所幸,没一会儿水声停了,席樾打开卧室门走了出来。
黄希言没预料到席樾只穿着短裤,尴尬了一下,立即别过头去,说:“帮你买了早餐。”
席樾也是没预料到家里有人,才这么出来的,也尴尬了一下,“嗯”了一声,赶紧往卧室去。
黄希言将早餐分成两份,片刻,席樾换了一身干净的衣服从卧室里走出来,一件黑色t恤,腿上是同样颜色的长裤。
他提着椅背,将餐桌椅往外挪了挪,坐下,从黄希言手里接过一个馒头。
黄希言看他一眼,指着餐厅飘窗上拉起的窗帘,“这个,我能拉开吗?”
席樾点头。
黄希言征得了的统一,起身一把将窗帘扯开。
清晨的日光,流水一样淌进来,整个餐厅一霎亮亮堂堂。
席樾不由地眯起眼睛,适应了一下,方睁开眼。
好似不过瘾,黄希言又指一指阳台,“那边呢……”
席樾又点点头。
席樾目光跟随过去。
她脚步轻快地跑到窗前,微微向前探身,扬手,将深灰色的遮光窗帘一把拉到了底。
一瞬间,他直观地看见了丁达尔现象,浅橙色光线里微荡着金色的浮尘。
她在阳光里浴了一会儿,方才走过来,眼里溢出喜悦。
席樾手里还捏着那个馒头,完全没动,目光定在了她脸上。
他被微湿黑发衬托得肤色更白,病容明显,唯独眼睛是同样黑白分明的清澈。
黄希言好少在他这个年纪的人身上,看见这样不带一点浑浊的眼睛,突然的不自在,喂进嘴里的馒头都难以咽下去,笑了笑,问:“怎么啦?”
席樾一霎便低下头,手指将馒头撕成块,送到嘴里,一面低声说:“昨天,对不起。”
黄希言笑着摇摇头。
席樾不记得自己多久没吃东西了,饿过了头,没觉得有什么,半碗稀饭下肚,补充了碳水,才觉得四肢渐渐有了力气。

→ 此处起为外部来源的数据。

Lemma expected_reward (C : {set 'I_N}) :
  \sum_(S : chstate N) (\prod_i q i (S i)) * reward C S = 1 - \prod_(i in C) q i false.
Proof.
rewrite (eq_bigr (fun S : chstate N => \prod_i q i (S i) -
    \prod_i (q i (S i) * (if i \in C then (~~ S i)%:R else 1)))); last first.
  by move=> S _; rewrite rewardE mulrBr mulr1 big_split /= -big_mkcond.
rewrite sumrB sum_prod_distr [in RHS]big_mkcond /=; congr (_ - _).
rewrite (sum_ffun_prod (fun i b => q i b * (if i \in C then (~~ b)%:R else 1))).
by apply: eq_bigr => i _; case: (i \in C); rewrite /= ?mulr1 ?mulr0 ?add0r.
Qed.

End ProductDistribution.

Section SlotTwoLoss.
Variables (R : realFieldType) (N : nat) (p01 p11 : R) (w : 'I_N -> R).

Definition bern (x : R) (b : bool) := if b then x else 1 - x.

Lemma bern_ge0 (x : R) b : 0 <= x <= 1 -> 0 <= bern x b.
Proof. by case/andP=> x0 x1; case: b; rewrite /bern ?subr_ge0. Qed.

Lemma bern_sum1 x : bern x true + bern x false = 1.
Proof. by rewrite /bern addrC subrK. Qed.

Lemma trans1_sum1 a : trans1 p01 p11 a true + trans1 p01 p11 a false = 1.
Proof. by rewrite /trans1; case: a; rewrite addrC subrK. Qed.

Definition restrict (B : {set 'I_N}) (S : chstate N) : chstate N :=
  [ffun l => (l \in B) && S l].

Lemma restrictK B S : restrict B (restrict B S) = restrict B S.
Proof. by apply/ffunP => l; rewrite !ffunE andbA andbb. Qed.

Lemma restrict_eqE B S T : restrict B T = T ->
  (restrict B S == T) = [forall l, (l \in B) ==> (S l == T l)].
Proof.
move=> TB; apply/idP/idP => [/eqP <- | /forallP agree].
  by apply/forallP => l; rewrite ffunE; case: (l \in B) => /=.
apply/eqP/ffunP => l; rewrite -TB !ffunE; case lB: (l \in B) => //=.
exact/eqP/(implyP (agree l)).
Qed.

Definition busy (B : {set 'I_N}) (T : chstate N) (l : 'I_N) : R :=
  1 - belief_update p01 p11 w B T l.

Definition slot2_loss (B : {set 'I_N}) (sigma : chstate N -> {set 'I_N}) : R :=
  \sum_(S : chstate N) init_prob w S * \prod_(l in sigma S) trans1 p01 p11 (S l) false.

Lemma sum_init_prob : \sum_(S : chstate N) init_prob w S = 1.
Proof. exact: (sum_prod_distr (q := fun i => bern (w i))) (fun i => bern_sum1 (w i)). Qed.

Lemma expected_init_reward (B : {set 'I_N}) :
  \sum_(S : chstate N) init_prob w S * reward B S = 1 - \prod_(i in B) (1 - w i).
Proof. by have := expected_reward (q := fun i => bern (w i)) (fun i => bern_sum1 (w i)) B. Qed.

Lemma sum_trans_prob (S1 : chstate N) : \sum_(S2 : chstate N) trans_prob p01 p11 S1 S2 = 1.
Proof.
exact: (sum_prod_distr (q := fun i => trans1 p01 p11 (S1 i))) (fun i => trans1_sum1 (S1 i)).
Qed.

Lemma expected_trans_reward (S1 : chstate N) (C : {set 'I_N}) :
  \sum_(S2 : chstate N) trans_prob p01 p11 S1 S2 * reward C S2
  = 1 - \prod_(l in C) trans1 p01 p11 (S1 l) false.
Proof.
by have := expected_reward (q := fun i => trans1 p01 p11 (S1 i)) (fun i => trans1_sum1 (S1 i)) C.
Qed.

Lemma total_rewardE (B : {set 'I_N}) (sigma : chstate N -> {set 'I_N}) :
  total_reward p01 p11 w B sigma = (1 - \prod_(i in B) (1 - w i)) + (1 - slot2_loss B sigma).
Proof.
rewrite /total_reward (eq_bigr (fun S => init_prob w S * reward B S +
    init_prob w S * (1 - \prod_(l in sigma S) trans1 p01 p11 (S l) false))); last first.
  move=> S _; rewrite -expected_trans_reward -[in RHS](mulr1 (reward B S)).
  rewrite -[1 in RHS](sum_trans_prob S) [in RHS]mulr_sumr -mulrDr -big_split mulr_sumr.
  by apply: eq_bigr => S2 _ /=; ring.
rewrite big_split /= expected_init_reward -[X in _ + (X - _)]sum_init_prob /slot2_loss -sumrB.
by congr (_ + _); apply: eq_bigr => S _; rewrite mulrBr mulr1.
Qed.

Lemma sum_restrict_eq (B : {set 'I_N}) (T : chstate N) (C : {set 'I_N}) : restrict B T = T ->
  \sum_(S | restrict B S == T) init_prob w S * \prod_(l in C) trans1 p01 p11 (S l) false
  = (\prod_(i in B) bern (w i) (T i)) * \prod_(l in C) busy B T l.
Proof.
move=> TB; pose F i b := bern (w i) b * ((i \in B) ==> (b == T i))%:R *
  (if i \in C then trans1 p01 p11 b false else 1).
transitivity (\sum_(S : chstate N) \prod_i F i (S i)).
  rewrite big_mkcond; apply: eq_bigr => S _.
  rewrite /F !big_split /= -big_mkcond prod_indicator -(restrict_eqE _ TB).
  by case: (restrict B S == T); rewrite ?mulr1 ?mulr0 ?mul0r.
rewrite sum_ffun_prod [in RHS]big_mkcond [X in _ * X]big_mkcond -big_split /=.
apply: eq_bigr => i _; rewrite /F /busy /belief_update /tau /bern /trans1.
case: (i \in B); case: (i \in C); case: (T i) => /=; ring.
Qed.

Lemma slot2_lossE (B : {set 'I_N}) (sigma : chstate N -> {set 'I_N}) :
  (forall S S' : chstate N, (forall i, i \in B -> S i = S' i) -> sigma S = sigma S') ->
  slot2_loss B sigma = \sum_(T | restrict B T == T)
    (\prod_(i in B) bern (w i) (T i)) * \prod_(l in sigma T) busy B T l.
Proof.
move=> sigmaB; rewrite /slot2_loss (partition_big (restrict B) (fun T => restrict B T == T)) /=;
  last by move=> S _; rewrite restrictK.
apply: eq_bigr => T /eqP TB; rewrite -sum_restrict_eq //; apply: eq_bigr => S /eqP <-.
by rewrite (sigmaB (restrict B S) S) // => i iB; rewrite ffunE iB.
Qed.

End SlotTwoLoss.

Section MinProduct.
Variables (R : realFieldType) (N : nat).

(* The neutral element 1 of the minimum is harmless, as [u] will always be a
   vector of probabilities. *)
Definition min_prod (k : nat) (u : 'I_N -> R) : R :=
  \big[Num.min/1]_(D : {set 'I_N} | #|D| == k) \prod_(l in D) u l.

Lemma min_prod_le k u (D : {set 'I_N}) : #|D| = k -> min_prod k u <= \prod_(l in D) u l.
Proof. by move=> Dk; apply: bigmin_le_cond; rewrite Dk. Qed.

Lemma le_min_prod k u (z : R) : z <= 1 ->
  (forall D : {set 'I_N}, #|D| = k -> z <= \prod_(l in D) u l) -> z <= min_prod k u.
Proof. by move=> z1 zD; apply: le_bigmin => // D /eqP; exact: zD. Qed.

Lemma prod_le_prod_card (u : 'I_N -> R) (X Y : {set 'I_N}) : (forall l, 0 <= u l) ->
  #|X| = #|Y| -> (forall x y, x \in X -> y \in Y -> u x <= u y) ->
  \prod_(l in X) u l <= \prod_(l in Y) u l.
Proof.
move=> u_ge0; move: {2}#|X| (erefl #|X|) => n; elim: n X Y => [|n IH] X Y Xn XY uXY.
  have -> : X = set0 by exact: cards0_eq.
  by have -> : Y = set0 by apply: cards0_eq; rewrite -XY.
have [x xX] : exists x, x \in X by apply/set0Pn; rewrite -card_gt0 Xn.
have [y yY] : exists y, y \in Y by apply/set0Pn; rewrite -card_gt0 -XY Xn.
rewrite (big_setD1 x xX) (big_setD1 y yY) /=.
apply: ler_pM; rewrite ?u_ge0 ?prodr_ge0 ?uXY //; apply: IH.
- by move: Xn; rewrite (cardsD1 x) xX => -[].
- by move: XY; rewrite (cardsD1 x) (cardsD1 y Y) xX yY => -[].
- by move=> x' y'; rewrite !in_setD1 => /andP[_ x'X] /andP[_ y'Y]; exact: uXY.
Qed.

Lemma myopic_prod_le k (b : 'I_N -> R) (A D : {set 'I_N}) : myopic_action k b A ->
  #|D| = k -> (forall l, b l <= 1) -> \prod_(l in A) (1 - b l) <= \prod_(l in D) (1 - b l).
Proof.
move=> [Ak b_myopic] Dk b_le1.
rewrite (big_setID D) [in leRHS](big_setID A) /= setIC.
apply: ler_wpM2l; first by apply: prodr_ge0 => l _; rewrite subr_ge0.
apply: prod_le_prod_card => [l||x y]; first by rewrite subr_ge0.
  by apply/eqP; rewrite -(eqn_add2l #|A :&: D|) {2}setIC !cardsID Ak Dk.
rewrite !inE => /andP[xD xA] /andP[yA yD]; rewrite lerB //; exact: b_myopic.
Qed.

Lemma myopic_le_min_prod k (b : 'I_N -> R) (A : {set 'I_N}) : myopic_action k b A ->
  (forall l, 0 <= b l <= 1) -> \prod_(l in A) (1 - b l) <= min_prod k (fun l => 1 - b l).
Proof.
move=> myopic b01; apply: le_min_prod => [|D Dk].
  by apply: prodr_ile1 => l _; case/andP: (b01 l) => bl0 bl1; rewrite subr_ge0 bl1 gerBl.
by apply: (myopic_prod_le myopic Dk) => l; case/andP: (b01 l).
Qed.

Lemma le_min_prod_homo k (u v : 'I_N -> R) : (forall l, 0 <= u l <= v l) ->
  min_prod k u <= min_prod k v.
Proof. by move=> uv; apply: le_bigmin2 => D _; exact: ler_prod. Qed.

Lemma min_prod2_le (u : 'I_N -> R) c d : c != d -> min_prod 2 u <= u c * u d.
Proof.
move=> cd; have cd2 : #|[set c; d]| = 2 by rewrite cards2 cd.
by apply: le_trans (min_prod_le u cd2) _; rewrite prod_set2.
Qed.

Lemma le_min_prod2 (u : 'I_N -> R) (z : R) : z <= 1 ->
  (forall c d, c != d -> z <= u c * u d) -> z <= min_prod 2 u.
Proof.
move=> z1 zcd; apply: le_min_prod => // D /eqP/cards2P[c [d [cd ->]]].
by rewrite prod_set2 //; exact: zcd.
Qed.

Lemma le_min_prod2_mul (u : 'I_N -> R) (a b : R) c0 : 0 <= a -> a <= b -> a * b <= 1 ->
  (forall l, a <= u l) -> (forall l, l != c0 -> b <= u l) -> a * b <= min_prod 2 u.
Proof.
move=> a0 ab ab1 a_le b_le; apply: le_min_prod2 => // c d cd.
have b0 := le_trans a0 ab.
case: (eqVneq c c0) => [cc0 | /b_le bc]; last by rewrite mulrC ler_pM.
by rewrite ler_pM // b_le // -cc0 eq_sym.
Qed.

End MinProduct.

Section OptimalLoss.
Variables (R : realFieldType) (N : nat) (p01 p11 : R) (w : 'I_N -> R).
Hypothesis w01 : forall i, 0 <= w i <= 1.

黄希言把放在茶几上的小塑料袋拿过来,解开看了看,说:“你烧已经退了,是不是不用再吃退烧药。我们给你买的是感冒药,也不知道你是不是感冒了……”
席樾告诉她,他自己判断,可能是肠胃炎。
“不要自己判断,你是画家不是医生。”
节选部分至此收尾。